[Data records]
┄┄┄┄┄┄┄┄┄┄

(* A one-term Cauchy-Binet formula. *)
Lemma minor_mulmx X Y r c c' k : (c' + k <= n)%N ->
  (forall i j t, (i < k)%N -> (j < k)%N -> (t < n)%N ->
     (t < c')%N || (c' + k <= t)%N -> ent X (r + i) t * ent Y t (c + j) = 0) ->
  minor (X *m Y) r c k = minor X r c' k * minor Y c' c k.
Proof.
move=> le_n XY0; rewrite /minor -det_mulmx; congr (\det _); apply/matrixP => i j.
rewrite !mxE ent_mulmx.
rewrite -(big_mkord xpredT (fun t => ent X (r + i) t * ent Y t (c + j))).
rewrite (@big_cat_nat _ _ _ c') ?leq0n ?(leq_trans (leq_addr k c')) //=.
rewrite (@big_cat_nat _ _ _ (c' + k) c') ?leq_addr //=.
rewrite [X in X + _]big1_seq ?add0r; last first.
  move=> t /andP[_]; rewrite mem_index_iota => /andP[_ lt_tc].
  by apply: XY0; rewrite ?lt_tc //; lia.
rewrite [X in _ + X]big1_seq ?addr0; last first.
  move=> t /andP[_]; rewrite mem_index_iota => /andP[le_t lt_tn].
  by apply: XY0; rewrite ?le_t ?orbT.
rewrite -{1}[c']add0n big_addn addKn big_mkord.
by apply: eq_bigr => t _; rewrite !mxE [(t + _)%N]addnC.
Qed.

Definition upper_unitri U := forall r s, (s <= r < n)%N -> ent U r s = (r == s)%:R.

Lemma minor_upper_unitri U r k : upper_unitri U -> (r + k <= n)%N ->
  minor U r r k = 1.
Proof.
move=> Uu le_n; rewrite /minor (@det_mx_upper _ _ (fun i j => ent U (r + i) (r + j))).
  by rewrite big1 // => i _; rewrite Uu ?eqxx //; have := ltn_ord i; lia.
by move=> i j /andP[lt_ji lt_ik]; rewrite Uu ?eqn_add2l ?(gtn_eqF lt_ji) //; lia.
Qed.

Lemma minor_corner_upper_unitri_mull U A r : upper_unitri U -> (r <= n)%N ->
  minor (U *m A) r 0 (n - r) = minor A r 0 (n - r).
Proof.
move=> Uu le_rn; rewrite (@minor_mulmx _ _ _ _ r) ?subnKC //.
  by rewrite minor_upper_unitri ?mul1r ?subnKC.
move=> i j t lt_i _ lt_tn /orP[lt_tr|]; last by lia.
by rewrite Uu ?gtn_eqF ?mul0r //; lia.
Qed.

Lemma minor_corner_upper_unitri_mulr U A r : upper_unitri U -> (r <= n)%N ->
  minor (A *m U) r 0 (n - r) = minor A r 0 (n - r).
Proof.
move=> Uu le_rn; rewrite (@minor_mulmx _ _ _ _ 0) ?leq_subr //.
  by rewrite [minor U _ _ _]minor_upper_unitri ?mulr1 //; lia.
move=> i j t _ lt_j lt_tn /orP[//|le_t].
by rewrite Uu ?gtn_eqF ?mulr0 //; lia.
Qed.

Lemma minorI_upper_unitri_mul U A V r : upper_unitri U -> upper_unitri V -> (r <= n)%N ->
  minorI (U *m A *m V) r.+1 n = minorI A r.+1 n.
Proof.
move=> Uu Vu le_rn.
by rewrite !minorI_minor minor_corner_upper_unitri_mulr ?minor_corner_upper_unitri_mull.
Qed.

Lemma xmx_upper_unitri j a : upper_unitri (xmx n j a).
Proof.
move=> r s /andP[le_sr lt_rn].
have lt_sn := leq_ltn_trans le_sr lt_rn.
rewrite (entE _ (Ordinal lt_rn) (Ordinal lt_sn)) !mxE -val_eqE /= eqSS.
by case: (r.+1 =P j) => [<-|_]; rewrite /= ?(@ltn_eqF s r.+1) ?mulr0 ?addr0.
Qed.

Definition lead_id b A :=
  forall r s, (r < b)%N || (s < b)%N -> (r < n)%N -> (s < n)%N ->
    ent A r s = (r == s)%:R.

Lemma lead_id1 b : lead_id b 1%:M.
Proof. by move=> r s _; apply: ent_scalar1. Qed.

Lemma lead_id_mulmx b X Y : lead_id b X -> lead_id b Y -> lead_id b (X *m Y).
Proof.
move=> idX idY r s lead lt_rn lt_sn; rewrite ent_mulmx.
have sum_at t0 (f : nat -> C) : (t0 < n)%N ->
    (forall t, (t < n)%N -> t != t0 -> f t = 0) -> \sum_(t < n) f t = f t0.
  move=> lt_t0 f0; rewrite (bigD1 (Ordinal lt_t0)) //= big1 ?addr0 // => t ne_t.
  exact: f0 (ltn_ord t) ne_t.
case/orP: lead => lead.
  rewrite (sum_at r (fun t => ent X r t * ent Y t s)) => [|//|t lt_tn ne_tr].
    by rewrite idX ?lead // eqxx mul1r idY ?lead.
  by rewrite idX ?lead // eq_sym (negbTE ne_tr) mul0r.
rewrite (sum_at s (fun t => ent X r t * ent Y t s)) => [|//|t lt_tn ne_ts].
  by rewrite idY ?lead ?orbT // eqxx mulr1 idX ?lead ?orbT.
by rewrite idY ?lead ?orbT // (negbTE ne_ts) mulr0.
Qed.

End Minors.

Section PhiMinors.
Variables (C : fieldType) (m n : nat) (z : nat -> nat -> C).
Hypothesis z_neq0 :
  forall i k : nat, (1 <= i <= m)%N -> (i <= k <= n)%N -> z i k != 0.

(* 0-based: [Wfac b] is the factor W^(b+1) of Phi, and
   [Wprod b len = W^(b+len) ... W^(b+1)]. *)
Definition Wfac b : 'M[C]_n := Wmx n b.+1 (Wargs z b.+1).

Fixpoint Wprod b len : 'M[C]_n :=
  if len is l.+1 then Wfac (b + l) *m Wprod b l else 1%:M.

Lemma Phi_auxE k : Phi_aux n z k = Wprod 0 k.
Proof. by elim: k => //= k ->; rewrite add0n. Qed.

Lemma WprodSr b len : Wprod b len.+1 = Wprod b.+1 len *m Wfac b.
Proof.
elim: len => [|len IH]; first by rewrite /= addn0 mulmx1 mul1mx.
rewrite -[Wprod b len.+2]/(Wfac (b + len.+1) *m Wprod b len.+1) IH mulmxA.
by rewrite -addSnnS.
Qed.

Lemma ent_Wfac b r s : (r < n)%N -> (s < n)%N ->
  ent (Wfac b) r s = if r == s then (if (r < b)%N then 1 else Wargs z b.+1 r.+1)
                     else if (r == s.+1) && (b <= s)%N then 1 else 0.
Proof.
by move=> lt_rn lt_sn; rewrite (entE _ (Ordinal lt_rn) (Ordinal lt_sn)) mxE /= !ltnS.
Qed.

Lemma ent_Wfac_off b r s : r != s -> r != s.+1 -> ent (Wfac b) r s = 0.
Proof.
move=> ne_rs ne_rSs; have [lt_rn|] := ltnP r n; last exact: ent_out_row.
have [lt_sn|] := ltnP s n; last exact: ent_out_col.
by rewrite ent_Wfac // (negbTE ne_rs) (negbTE ne_rSs).
Qed.

Lemma ent_Wfac_sub b s : (s.+1 < n)%N -> (b <= s)%N -> ent (Wfac b) s.+1 s = 1.
Proof.
move=> lt_sn le_bs; rewrite ent_Wfac ?(ltnW lt_sn) //.
by rewrite (gtn_eqF (ltnSn s)) eqxx le_bs.
Qed.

┄┄┄┄┄┄┄┄┄┄

Quote the records from their first line to the line with "rewrite [X in _", inclusive, without adding or dropping anything.

(* A one-term Cauchy-Binet formula. *)
Lemma minor_mulmx X Y r c c' k : (c' + k <= n)%N ->
  (forall i j t, (i < k)%N -> (j < k)%N -> (t < n)%N ->
     (t < c')%N || (c' + k <= t)%N -> ent X (r + i) t * ent Y t (c + j) = 0) ->
  minor (X *m Y) r c k = minor X r c' k * minor Y c' c k.
Proof.
move=> le_n XY0; rewrite /minor -det_mulmx; congr (\det _); apply/matrixP => i j.
rewrite !mxE ent_mulmx.
rewrite -(big_mkord xpredT (fun t => ent X (r + i) t * ent Y t (c + j))).
rewrite (@big_cat_nat _ _ _ c') ?leq0n ?(leq_trans (leq_addr k c')) //=.
rewrite (@big_cat_nat _ _ _ (c' + k) c') ?leq_addr //=.
rewrite [X in X + _]big1_seq ?add0r; last first.
  move=> t /andP[_]; rewrite mem_index_iota => /andP[_ lt_tc].
  by apply: XY0; rewrite ?lt_tc //; lia.
rewrite [X in _ + X]big1_seq ?addr0; last first.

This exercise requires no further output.